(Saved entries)
(* Let $G=(V,E)$ be a finite simple graph with at least one vertex and $k>0$ an integer. Let $\mathcal F$ be the set of all sets $\{(A_1,B_1),(A_2,B_2),(A_3,B_3)\}\subseteq\vec S_k$ (the three elements not necessarily distinct) with $G[A_1]\cup G[A_2]\cup G[A_3]=G$, and let $\mathcal F^*\subseteq\mathcal F$ be the set of those elements of $\mathcal F$ that are stars. Then every consistent orientation of $S_k$ that avoids $\mathcal F^*$ also avoids $\mathcal F$.
   Context: An oriented vertex separation of $G$ is an ordered pair $(A,B)$ with $A\cup B=V$ and no edge of $G$ between $A\setminus B$ and $B\setminus A$. These are partially ordered by $(A,B)\le(C,D)$ iff $A\subseteq C$ and $B\supseteq D$, with involution $(A,B)^*=(B,A)$. $\vec S_k$ is the set of oriented vertex separations $(A,B)$ with $|A\cap B|<k$, and $S_k$ the set of unordered pairs $\{(A,B),(B,A)\}$ with $(A,B)\in\vec S_k$. An orientation of $S_k$ is a set $O\subseteq\vec S_k$ containing exactly one of $(A,B),(B,A)$ for each such pair. $O$ is consistent if there are no distinct separations $r,s\in S_k$ with orientations $\vec r<\vec s$ such that $\vec r^{\,*},\vec s\in O$. A star is a nonempty set $\sigma$ of oriented separations with $\vec r\le\vec s^{\,*}$ for all distinct $\vec r,\vec s\in\sigma$. $O$ avoids a family $\mathcal F$ if no subset of $O$ lies in $\mathcal F$. $G[A]$ denotes the induced subgraph. *)

From mathcomp Require Import all_boot.
Set Implicit Arguments. Unset Strict Implicit. Unset Printing Implicit Defensive.

(* A graph on a finite vertex type V is given by an edge relation e : rel V
   (simple: symmetric and irreflexive, assumed in the theorem). *)
Definition sep (V : finType) := ({set V} * {set V})%type.

Definition swap (V : finType) (p : sep V) : sep V := (p.2, p.1).

Definition is_sep (V : finType) (e : rel V) (p : sep V) : bool :=
  (p.1 :|: p.2 == setT) &&
  [forall x, forall y, ((x \in p.1 :\: p.2) && (y \in p.2 :\: p.1)) ==> ~~ e x y].

Definition in_Sk (V : finType) (e : rel V) (k : nat) (p : sep V) : bool :=
  is_sep e p && (#|p.1 :&: p.2| < k).

Definition sep_le (V : finType) (p q : sep V) : bool :=
  (p.1 \subset q.1) && (q.2 \subset p.2).
Definition sep_lt (V : finType) (p q : sep V) : bool := sep_le p q && (p != q).

Definition orientation (V : finType) (e : rel V) (k : nat) (O : {set sep V}) : Prop :=
  (forall p, p \in O -> in_Sk e k p) /\
  (forall p, in_Sk e k p ->
     ((p \in O) || (swap p \in O)) &&
     ((p != swap p) ==> ~~ ((p \in O) && (swap p \in O)))).

Definition consistent (V : finType) (e : rel V) (k : nat) (O : {set sep V}) : Prop :=
  forall r s : sep V, in_Sk e k r -> in_Sk e k s ->
    s != r -> s != swap r -> sep_lt r s ->
    ~ ((swap r \in O) && (s \in O)).

Definition star (V : finType) (sigma : {set sep V}) : Prop :=
  sigma != set0 /\
  (forall r s, r \in sigma -> s \in sigma -> r != s -> sep_le r (swap s)).

Definition famF (V : finType) (e : rel V) (k : nat) (X : {set sep V}) : Prop :=
  exists p1 p2 p3 : sep V,
    X = [set p1; p2; p3] /\
    in_Sk e k p1 /\ in_Sk e k p2 /\ in_Sk e k p3 /\
    (forall v : V, (v \in p1.1) || (v \in p2.1) || (v \in p3.1)) /\
    (forall x y : V, e x y ->
       ((x \in p1.1) && (y \in p1.1)) || ((x \in p2.1) && (y \in p2.1)) ||
       ((x \in p3.1) && (y \in p3.1))).

Definition famFstar (V : finType) (e : rel V) (k : nat) (X : {set sep V}) : Prop :=
  famF e k X /\ star X.

Definition avoids (V : finType) (O : {set sep V}) (fam : {set sep V} -> Prop) : Prop :=
  forall X : {set sep V}, X \subset O -> ~ fam X.

From mathcomp Require Import all_boot.
Set Implicit Arguments. Unset Strict Implicit. Unset Printing Implicit Defensive.

(* Among the covers of G by at most three separations of O, take one of
   minimal total size sum (|A| + |V \ B|).  If it contains some (A,B) with
   A = V, that separation alone is a star in F.  Otherwise, if the cover is
   not a star, it contains r = (A1,B1) and s = (A2,B2) with r not below s*.
   By submodularity of the order one of the two corners, say
   (A1 ∩ B2, B1 ∪ A2), has order at most |A1 ∩ B1| < k; it lies strictly
   below r, so consistency puts it in O, and replacing r by it gives a
   smaller cover, because the part of G[A1] it loses lies in G[A2]. *)

Lemma set3P (T : finType) (X : {set T}) :
  (exists a b c, X = [set a; b; c]) <-> 0 < #|X| <= 3.
Proof.
split=> [[a [b [c ->]]] | /andP[X_gt0 X_le3]].
  rewrite card_gt0; apply/andP; split.
    by apply/set0Pn; exists a; rewrite !inE eqxx.
  apply: (leq_trans (leq_card_setU _ _)); rewrite cards1 addn1 ltnS cardsU1 cards1.
  by case: (a \notin _).
have [a aX] : exists a, a \in X by apply/set0Pn; rewrite -card_gt0.
rewrite -(setD1K aX); move: X_le3; rewrite (cardsD1 a) aX.
case Ea: #|X :\ a| => [|[|[|//]]] _.
- by exists a, a, a; rewrite (cards0_eq Ea) setU0 !setUid.
- by have /eqP/cards1P[b ->] := Ea; exists a, a, b; rewrite setUid.
- by have /eqP/cards2P[b [c [_ ->]]] := Ea; exists a, b, c; rewrite setUA.
Qed.

Lemma card_setU1D1 (T : finType) (A : {set T}) x y :
  x \in A -> 0 < #|y |: A :\ x| <= #|A|.
Proof.
move=> xA; rewrite card_gt0; apply/andP; split.
  by apply/set0Pn; exists y; exact: setU11.
by rewrite cardsU1 (cardsD1 x A) xA leq_add2r leq_b1.
Qed.

Lemma sum_setU1D1_lt (T : finType) (A : {set T}) x y (F : T -> nat) :
  x \in A -> F y < F x -> \sum_(z in y |: A :\ x) F z < \sum_(z in A) F z.
Proof.
move=> xA lt_yx; rewrite (big_setD1 x xA) /=.
case: (boolP (y \in A :\ x)) => [yA | yA]; last by rewrite big_setU1 // ltn_add2r.
rewrite (setUidPr _) ?sub1set // -[X in X < _]add0n ltn_add2r.
exact: leq_ltn_trans lt_yx.
Qed.

Section Separations.
Variables (V : finType) (e : rel V).
Implicit Types (p q r s : sep V) (X : {set sep V}).

Definition sep_order p := #|p.1 :&: p.2|.

Definition sep_size p := #|p.1| + #|~: p.2|.

Definition corner p q : sep V := (p.1 :&: q.2, p.2 :|: q.1).

Definition covers X : Prop :=
  (forall v, exists2 p, p \in X & v \in p.1) /\
  (forall x y, e x y -> exists2 p, p \in X & (x \in p.1) && (y \in p.1)).

Lemma sep_le_swapC p q : sep_le p (swap q) = sep_le q (swap p).
Proof. by rewrite /sep_le andbC. Qed.

Lemma sep_size_lt p q : sep_lt p q -> sep_size p < sep_size q.
Proof.
case/andP=> /andP[le1 le2] neq_pq; rewrite -setCS in le2.
have [le_size eq_size] := leqif_add (subset_leqif_cards le1) (subset_leqif_cards le2).
rewrite /sep_size ltn_neqAle le_size andbT eq_size.
apply: contra neq_pq => /andP[/eqP eq1 /eqP/setC_inj eq2].
by case: p q eq1 eq2 {le1 le2 le_size eq_size} => ? ? [? ?] /= -> ->.
Qed.

Lemma corner_le p q : sep_le (corner p q) p.
Proof. exact/andP/(conj (subsetIl _ _) (subsetUl _ _)). Qed.

Lemma corner_neq p q : ~~ sep_le p (swap q) -> corner p q != p.
Proof.
apply: contra => /eqP cpq; rewrite /sep_le -[in p.1 \subset _]cpq -[in _ \subset p.2]cpq.
exact/andP/(conj (subsetIr _ _) (subsetUr _ _)).
Qed.

Lemma swap_corner_neq p q : ~~ (p.2 \subset p.1) -> p != swap (corner p q).
Proof. by apply: contra => /eqP pc; rewrite {1}pc subsetIl. Qed.

Lemma star_set1 p : star [set p].
Proof.
split; first by apply/set0Pn; exists p; exact: set11.
by move=> r s /set1P-> /set1P->; rewrite eqxx.
Qed.

Lemma starVwitness X : X != set0 ->
  star X \/ exists r s, [/\ r \in X, s \in X, r != s & ~~ sep_le r (swap s)].
Proof.
move=> X0; case: (boolP [forall r in X, forall s in X, (r != s) ==> sep_le r (swap s)]).
  move/forall_inP=> starX; left; split=> // r s rX sX rs.
  by move/forall_inP: (starX r rX) => /(_ s sX); rewrite rs.
move/forall_inPn=> [r rX /forall_inPn[s sX]]; rewrite negb_imply => /andP[rs nle].
by right; exists r, s.
Qed.

Lemma sep_order_corners p q : p.1 :|: p.2 = setT -> q.1 :|: q.2 = setT ->
  sep_order (corner p q) + sep_order (corner q p) <= sep_order p + sep_order q.
Proof.
move=> /setP Up /setP Uq; rewrite /sep_order -cardsUI -[leqRHS]cardsUI.
apply: leq_add; apply: subset_leq_card; apply/subsetP => v;
move: (Up v) (Uq v); rewrite !inE;
by case: (v \in p.1); case: (v \in p.2); case: (v \in q.1); case: (v \in q.2).
Qed.

Lemma sep_full p : is_sep e p -> p.2 \subset p.1 -> forall v, v \in p.1.
Proof.
move=> /andP[/eqP/setP Up _] sub v; move: (Up v); rewrite !inE.
by case: (boolP (v \in p.2)) => [/(subsetP sub) | _]; rewrite ?orbF.
Qed.

Lemma corner_cover_vertex r s v :
  is_sep e s -> v \in r.1 -> (v \in (corner r s).1) || (v \in s.1).
Proof.
move=> /andP[/eqP/setP Us _] vr; move: (Us v); rewrite !inE vr /=.
by case: (v \in s.1); case: (v \in s.2).
Qed.

Hypothesis e_sym : symmetric e.

Lemma is_sep_corner p q : is_sep e p -> is_sep e q -> is_sep e (corner p q).
Proof.
move=> /andP[/eqP/setP Up /forallP Fp] /andP[/eqP/setP Uq /forallP Fq].
apply/andP; split.
  apply/eqP/setP => v; move: (Up v) (Uq v); rewrite !inE.
  by case: (v \in p.1); case: (v \in p.2); case: (v \in q.1); case: (v \in q.2).
apply/forallP => x; apply/forallP => y; apply/implyP.
move/forallP: (Fp x) => /(_ y); move/forallP: (Fq y) => /(_ x).
move: (Uq x) (Up y) (Uq y); rewrite !inE /= (e_sym y x).
by case: (x \in p.1); case: (x \in p.2); case: (x \in q.1); case: (x \in q.2);
   case: (y \in p.1); case: (y \in p.2); case: (y \in q.1); case: (y \in q.2);
   case: (e x y).
Qed.

Lemma corner_cover_edge r s x y : is_sep e s -> e x y -> x \in r.1 -> y \in r.1 ->
  (x \in (corner r s).1) && (y \in (corner r s).1) || (x \in s.1) && (y \in s.1).
Proof.
move=> /andP[/eqP/setP Us /forallP Fs] exy xr yr.
move/forallP: (Fs x) => /(_ y); move/forallP: (Fs y) => /(_ x).
move: (Us x) (Us y); rewrite !inE /= xr yr (e_sym y x) exy.
by case: (x \in s.1); case: (x \in s.2); case: (y \in s.1); case: (y \in s.2).
Qed.

Lemma covers_set1 p : is_sep e p -> p.2 \subset p.1 -> covers [set p].
Proof.
move=> sp sub; have full := sep_full sp sub.
by split=> [v | x y _]; exists p; rewrite ?set11 ?full.
Qed.

Lemma covers_corner X r s : is_sep e s -> r \in X -> s \in X -> r != s ->
  covers X -> covers (corner r s |: X :\ r).
Proof.
move=> sS rX sX rs [cover_v cover_e].
have cX' : corner r s \in corner r s |: X :\ r by exact: setU11.
have keep p : p \in X -> p != r -> p \in corner r s |: X :\ r.
  by move=> pX pr; rewrite !inE pr pX orbT.
have sX' : s \in corner r s |: X :\ r by rewrite keep // eq_sym.
split=> [v | x y exy].
  have [p pX vp] := cover_v v.
  case: (eqVneq p r) => [prr | pr]; last by exists p; rewrite ?keep.
  subst p; case/orP: (corner_cover_vertex sS vp) => vc; first by exists (corner r s).
  by exists s.
have [p pX /andP[xp yp]] := cover_e x y exy.
case: (eqVneq p r) => [prr | pr]; last by exists p; rewrite ?keep ?xp.
subst p; case/orP: (corner_cover_edge sS exy xp yp) => xyc; first by exists (corner r s).
by exists s.
Qed.

Variables (k : nat) (O : {set sep V}).
Hypotheses (O_orient : orientation e k O) (O_consistent : consistent e k O).

Lemma orientation_is_sep p : p \in O -> is_sep e p.
Proof. by move/O_orient.1/andP=> []. Qed.

Lemma orientation_down p q :
  p \in O -> in_Sk e k q -> sep_lt q p -> p != swap q -> q \in O.
Proof.
move=> pO qS lt_qp p_swapq; have /andP[le_qp neq_qp] := lt_qp.
case/andP: (O_orient.2 q qS) => /orP[// | swapqO] _; exfalso.
apply: (O_consistent qS (O_orient.1 p pO)) => //; first by rewrite eq_sym.
by rewrite swapqO pO.
Qed.

Lemma corner_in_orientation r s : r \in O -> s \in O ->
  ~~ sep_le r (swap s) -> ~~ (r.2 \subset r.1) ->
  sep_order (corner r s) <= sep_order r -> corner r s \in O.
Proof.
move=> rO sO nle ndeg le_order; apply: (orientation_down rO).
- have /andP[_ lt_k] := O_orient.1 r rO.
  by rewrite /in_Sk is_sep_corner ?orientation_is_sep //; exact: leq_ltn_trans lt_k.
- by rewrite /sep_lt corner_le corner_neq.
- exact: swap_corner_neq.
Qed.

Lemma sep_order_cornerV r s : r \in O -> s \in O ->
  sep_order (corner r s) <= sep_order r \/ sep_order (corner s r) <= sep_order s.
Proof.
move=> /orientation_is_sep/andP[/eqP Ur _] /orientation_is_sep/andP[/eqP Us _].
have := sep_order_corners Ur Us.
case: (leqP (sep_order (corner r s)) (sep_order r)) => [|lt_r le_sum]; first by left.
right; rewrite -(leq_add2l (sep_order r)); apply: leq_trans le_sum.
by rewrite leq_add2r ltnW.
Qed.

Lemma star_cover_of_cover n X : X \subset O -> 0 < #|X| <= n -> covers X ->
  exists Y : {set sep V}, [/\ Y \subset O, 0 < #|Y| <= n, covers Y & star Y].
Proof.
have [N] := ubnP (\sum_(p in X) sep_size p).
elim: N X => // N IH X /ltnSE le_size XO /andP[X_gt0 X_le] cX.
have inO := subsetP XO.
case: (boolP [exists p in X, p.2 \subset p.1]).
  case/exists_inP=> p pX sub.
  exists [set p]; split; last exact: star_set1.
  - by rewrite sub1set inO.
  - by rewrite cards1 (leq_trans X_gt0 X_le).
  - exact: covers_set1 (orientation_is_sep (inO p pX)) sub.
move/exists_inPn=> ndeg.
have X0 : X != set0 by rewrite -card_gt0.
have [starX | [r [s [rX sX rs nle]]]] := starVwitness X0.
  by exists X; rewrite X_gt0 X_le.
have shift r' s' : r' \in X -> s' \in X -> r' != s' -> ~~ sep_le r' (swap s') ->
    sep_order (corner r' s') <= sep_order r' ->
    exists Y : {set sep V}, [/\ Y \subset O, 0 < #|Y| <= n, covers Y & star Y].
  move=> r'X s'X r's' nle' le_order.
  have cO := corner_in_orientation (inO r' r'X) (inO s' s'X) nle'
    (ndeg r' r'X) le_order.
  have /andP[X'_gt0 X'_le] := card_setU1D1 (corner r' s') r'X.
  apply: (IH (corner r' s' |: X :\ r')).
  - apply: leq_trans le_size; apply: sum_setU1D1_lt r'X _.
    by apply: sep_size_lt; rewrite /sep_lt corner_le corner_neq.
  - by apply/subsetP => p; rewrite !inE => /orP[/eqP-> // | /andP[_ /inO]].
  - by rewrite X'_gt0 (leq_trans X'_le X_le).
  - exact: covers_corner (orientation_is_sep (inO s' s'X)) r'X s'X r's' cX.
have [le_r | le_s] := sep_order_cornerV (inO r rX) (inO s sX).
  exact: (shift r s rX sX rs nle le_r).
by apply: (shift s r sX rX _ _ le_s); rewrite 1?eq_sym // sep_le_swapC.
Qed.

End Separations.

Lemma famF_covers (V : finType) (e : rel V) (k : nat) (X : {set sep V}) :
  famF e k X <-> [/\ {subset X <= in_Sk e k}, 0 < #|X| <= 3 & covers e X].
Proof.
split.
  move=> [p1 [p2 [p3 [X3 [i1 [i2 [i3 [cover_v cover_e]]]]]]]].
  split; first by move=> p; rewrite X3 !inE => /orP[/orP[]|] /eqP->.
    by apply/set3P; exists p1, p2, p3.
  rewrite X3; split=> [v | x y /cover_e].
    by case/orP: (cover_v v) => [/orP[]|] vp;
      [exists p1 | exists p2 | exists p3]; rewrite ?inE ?eqxx ?orbT.
  by case/orP => [/orP[]|] xyp;
    [exists p1 | exists p2 | exists p3]; rewrite ?inE ?eqxx ?orbT.
move=> [XS /set3P[p1 [p2 [p3 X3]]] [cover_v cover_e]].
have inX3 p : p \in X -> [\/ p = p1, p = p2 | p = p3].
  by rewrite X3 !inE => /orP[/orP[]|] /eqP->; [apply: Or31 | apply: Or32 | apply: Or33].
have p1X : p1 \in X by rewrite X3 !inE eqxx.
have p2X : p2 \in X by rewrite X3 !inE eqxx orbT.
have p3X : p3 \in X by rewrite X3 !inE eqxx orbT.
exists p1, p2, p3;
  do !split; [by [] | exact: XS p1X | exact: XS p2X | exact: XS p3X | |].
  by move=> v; have [p /inX3[] -> ->] := cover_v v; rewrite ?orbT.
by move=> x y /cover_e[p /inX3[] -> ->]; rewrite ?orbT.
Qed.

Theorem lemma5p2 (V : finType) (e : rel V) (k : nat)
  (Hsym : symmetric e) (Hirr : irreflexive e) (Hne : 0 < #|V|) (Hk : 0 < k)
  (O : {set sep V}) :
  orientation e k O -> consistent e k O -> avoids O (famFstar e k) ->
  avoids O (famF e k).
Proof.
move=> O_orient O_consistent avoid_star X XO /famF_covers[_ X_card cX].
have [Y [YO Y_card cY starY]] :=
  star_cover_of_cover Hsym O_orient O_consistent XO X_card cX.
apply: (avoid_star Y YO); split=> //; apply/famF_covers; split=> // p /(subsetP YO).
exact: O_orient.1.
Qed.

TASK BRIEF | Return the line that contains "apply: (avoid_star Y", along with every line after it in the data above, exactly and with nothing else.

FINISHED TASK |
apply: (avoid_star Y YO); split=> //; apply/famF_covers; split=> // p /(subsetP YO).
exact: O_orient.1.
Qed.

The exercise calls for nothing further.